Narcoland: The Mexican Drug Lords and Their Godfathers (38 page)

BOOK: Narcoland: The Mexican Drug Lords and Their Godfathers
8.79Mb size Format: txt, pdf, ePub
ads

Igor Labastida was given the key job of director of traffic and contraband at the Federal Police. Like him, Facundo Rosas Rosas,
Gerardo Garay Cadena, Rafael Avilés, Armando Espinosa de Benito, Luis Jafet Jasso, and other members of the “inner circle” were simply reshuffled.

García Luna also recruited fresh talent for his new tasks as head of the SSP. When he was director of the AFI, he had always boasted that one day he would have more power than a president; in this new job, he was closer than ever to making the dream come true. Marco Tulio López, a lawyer with a history of human rights abuses in Oaxaca and minor posts in district courts, was named legal director of the SSP, his only merit being that he had helped to get García Luna off the hook when he was accused by the Auditor of mismanagement in 2000. Another new signing was Edgar Enrique Bayardo, former judicial policeman and more lately the deputy attorney in Tlaxcala state, where he was reputed to be involved in a kidnapping gang allegedly run by his brother. García Luna named him deputy director of crime investigation with the Federal Police.

There was a rotten smell in the Secretariat of Public Security. Soon the stink would waft out onto the streets, and cause a public scandal.

The phoney war on drugs

From the beginning of his government, the phrase “war on drugs” became Calderón’s great buzzword. The first troop movement began on December 11, 2006, with the Michoacán Joint Operation. Seven thousand troops and police officers from the army, the navy, the AFI, and the PFP were deployed in the state of Michoacán, which was then controlled by the Gulf Cartel.

The military commander of that first battle was General Manuel García Ruiz, assigned by the secretary of defense, Guillermo Galván. In charge of the civilian forces was Gerardo Garay, appointed by García Luna. A year later Garay and other senior SSP officials were denounced after appearing in videos taking instructions from members of El Chapo Guzmán’s organization.
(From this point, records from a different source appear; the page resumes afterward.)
Lemma state_dist_lin pi mu t s'' :
  state_dist P pi mu t s'' = \sum_s mu s * state_dist P pi (vertex s) t s''.
Proof.
elim: t s'' => [|t IH] s'' /=; first by rewrite sum_Mvertex.
under eq_bigr do rewrite IH mulr_suml.
rewrite exchange_big; apply: eq_bigr => s _.
by rewrite mulr_sumr; apply: eq_bigr => s' _; rewrite mulrA.
Qed.

Lemma state_distS pi mu t :
  state_dist P pi mu t.+1 =
  state_dist P pi (fun s'' => \sum_s' mu s' * policy_trans pi s' s'') t.
Proof. by elim: t => [//|t IH] /=; rewrite -IH. Qed.

Lemma disc_term_lin pi mu t :
  disc_term pi mu t = \sum_s mu s * disc_term pi (vertex s) t.
Proof.
rewrite /disc_term; under eq_bigr do rewrite state_dist_lin mulr_suml.
rewrite exchange_big mulr_sumr; apply: eq_bigr => s _.
rewrite [RHS]mulrCA [in RHS]mulr_sumr; congr (_ * _).
by apply: eq_bigr => s' _; rewrite mulrA.
Qed.

Lemma disc_series_cvg pi mu : is_policy pi -> in_simplex mu ->
  cvgn (series (disc_term pi mu)).
Proof.
move=> hpi hmu; apply: normed_cvg.
pose C := \sum_s `|stage_cost c h pi s|.
apply: (@series_le_cvg _ _ (geometric C `|gamma|)) => [n|n|n|] /=.
- exact: normr_ge0.
- by rewrite /geometric mulr_ge0 ?exprn_ge0 ?sumr_ge0.
- rewrite /geometric /disc_term /= normrM normrX mulrC ler_wpM2r ?exprn_ge0 //.
  exact/norm_simplex_comb_le/state_dist_simplex.
- by apply: is_cvg_geometric_series; rewrite normr_id.
Qed.

Lemma disc_series_cvg_to pi mu : is_policy pi ->
  series (disc_term pi mu) @ \oo --> \sum_s mu s * V pi s.
Proof.
move=> hpi; have -> : series (disc_term pi mu) =
    (fun n => \sum_s mu s * series (disc_term pi (vertex s)) n).
  apply: funext => n; rewrite seriesEord /=.
  under eq_bigr do rewrite disc_term_lin.
  by rewrite exchange_big; apply: eq_bigr => s _; rewrite seriesEord mulr_sumr.
apply: cvg_big => [|s _]; first exact: add_continuous.
by apply: cvgMr; exact/disc_series_cvg/vertex_simplex.
Qed.

Lemma disc_valueE pi mu : is_policy pi ->
  disc_value P c h gamma pi mu = \sum_s mu s * V pi s.
Proof. by move=> hpi; apply: cvg_lim => //; exact: disc_series_cvg_to. Qed.

Lemma Vf_bellman pi s : is_policy pi ->
  V pi s = stage_cost c h pi s + gamma * \sum_s' policy_trans pi s s' * V pi s'.
Proof.
move=> hpi.
have vertex_trans :
    (fun s'' => \sum_s' vertex s s' * policy_trans pi s' s'') = policy_trans pi s.
  by apply: funext => s''; rewrite sum_vertexM.
have seriesS n : series (disc_term pi (vertex s)) n.+1 =
    stage_cost c h pi s + gamma * series (disc_term pi (policy_trans pi s)) n.
  rewrite !seriesEord /= big_ord_recl /disc_term expr0 mul1r sum_vertexM mulr_sumr.
  congr (_ + _); apply: eq_bigr => t _.
  by rewrite state_distS vertex_trans exprS -mulrA.
apply: cvg_lim => //; rewrite -cvg_shiftS /=; under eq_fun do rewrite seriesS.
by apply: cvgD; [exact: cvg_cst | apply: cvgMr; exact: disc_series_cvg_to].
Qed.

Lemma QfE pi s a : is_policy pi ->
  Qf P c h gamma pi s a = c s a + h s (pi s) + gamma * \sum_s' P s a s' * V pi s'.
Proof. by move=> hpi; rewrite /Qf disc_valueE. Qed.

Lemma psiE pi s p : is_policy pi -> in_simplex p ->
  psi P c h gamma pi s p = \sum_a p a * c s a + h s p +
    gamma * \sum_s' (\sum_a p a * P s a s') * V pi s' - V pi s.
Proof.
move=> hpi [_ p1]; rewrite /psi; under eq_bigr do rewrite QfE //.
have -> : \sum_s' (\sum_a p a * P s a s') * V pi s' =
    \sum_a p a * \sum_s' P s a s' * V pi s'.
  under eq_bigr do rewrite mulr_suml; rewrite exchange_big; apply: eq_bigr => a _.
  by rewrite mulr_sumr; apply: eq_bigr => s' _; rewrite mulrA.
rewrite (eq_bigr (fun a => p a * c s a + h s (pi s) * p a +
    gamma * (p a * \sum_s' P s a s' * V pi s'))) => [|a _]; last by ring.
by rewrite !big_split /= -!mulr_sumr p1; ring.
Qed.

Lemma performance_difference pi pi' s : is_policy pi -> is_policy pi' ->
  V pi s - V pi' s = - psi P c h gamma pi s (pi' s) +
    gamma * \sum_s' policy_trans pi' s s' * (V pi s' - V pi' s').
Proof.
move=> hpi hpi'; rewrite psiE // (Vf_bellman s hpi').
have -> : \sum_s' policy_trans pi' s s' * (V pi s' - V pi' s') =
    \sum_s' policy_trans pi' s s' * V pi s' -
    \sum_s' policy_trans pi' s s' * V pi' s'.
  by rewrite -sumrB; apply: eq_bigr => s' _; rewrite mulrBr.
by rewrite /stage_cost /policy_trans; ring.
Qed.

Lemma advantage_le_gap k (pis : 'I_k -> S -> A -> R) s p :
  convex_on_simplex (h s) -> in_simplex p ->
  - \sum_t psi P c h gamma (pis t) s p <= gap P c h gamma pis s.
Proof.
move=> h_convex hp; have [L hL] := convex_simplex_bounded_below h_convex.
apply: sup_upper_bound; last by exists p.
split; first by exists (- \sum_t psi P c h gamma (pis t) s p), p.
exists (\sum_t (\sum_a `|Qf P c h gamma (pis t) s a| + V (pis t) s - L +
                h s (pis t s))).
move=> _ [q hq <-]; rewrite -sumrN; apply: ler_sum => t _.
have hQ : - \sum_a Qf P c h gamma (pis t) s a * q a <=
          \sum_a `|Qf P c h gamma (pis t) s a|.
  under eq_bigr do rewrite mulrC.
  by apply: le_trans (norm_simplex_comb_le _ hq); rewrite -normrN ler_norm.
by have := hL q hq; rewrite /psi; lra.
Qed.

Lemma regret_subsolution k (pis : 'I_k -> S -> A -> R) pistar s :
  (forall t, is_policy (pis t)) -> is_policy pistar ->
  (forall s, convex_on_simplex (h s)) ->
  \sum_t (V (pis t) s - V pistar s) <= gap P c h gamma pis s +
    gamma * \sum_s' policy_trans pistar s s' * \sum_t (V (pis t) s' - V pistar s').
Proof.
move=> hpis hstar h_convex.
under eq_bigr do rewrite (performance_difference s (hpis _) hstar).
rewrite big_split /= -mulr_sumr sumrN exchange_big /=.
under [X in _ * X]eq_bigr do rewrite -mulr_sumr.
by rewrite lerD2r advantage_le_gap.
Qed.

End MDP.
In the months that followed, Calderón continued to speak about the “war”:

I have said it before, and I’ll say it again: this is a deep-seated problem in our country, with such profound roots that it will take time, a lot of time, and money, a great deal of money, as a war on this scale does. And regrettably it will continue to cost, as it has already cost in the last two years, human lives.
But rest assured, my friends, the Mexican state, and your government, are absolutely determined to fight this battle, without respite, until we win back the streets, the squares, the cities, for all of Mexico’s citizens.
9

Up to August 2010, the cost in human lives referred to by the president amounted to 28,000 people killed. By July 2011, this terrifying figure had risen to more than 40,000. To the sound of gunfights and grenades going off, Mexico was turning into a graveyard.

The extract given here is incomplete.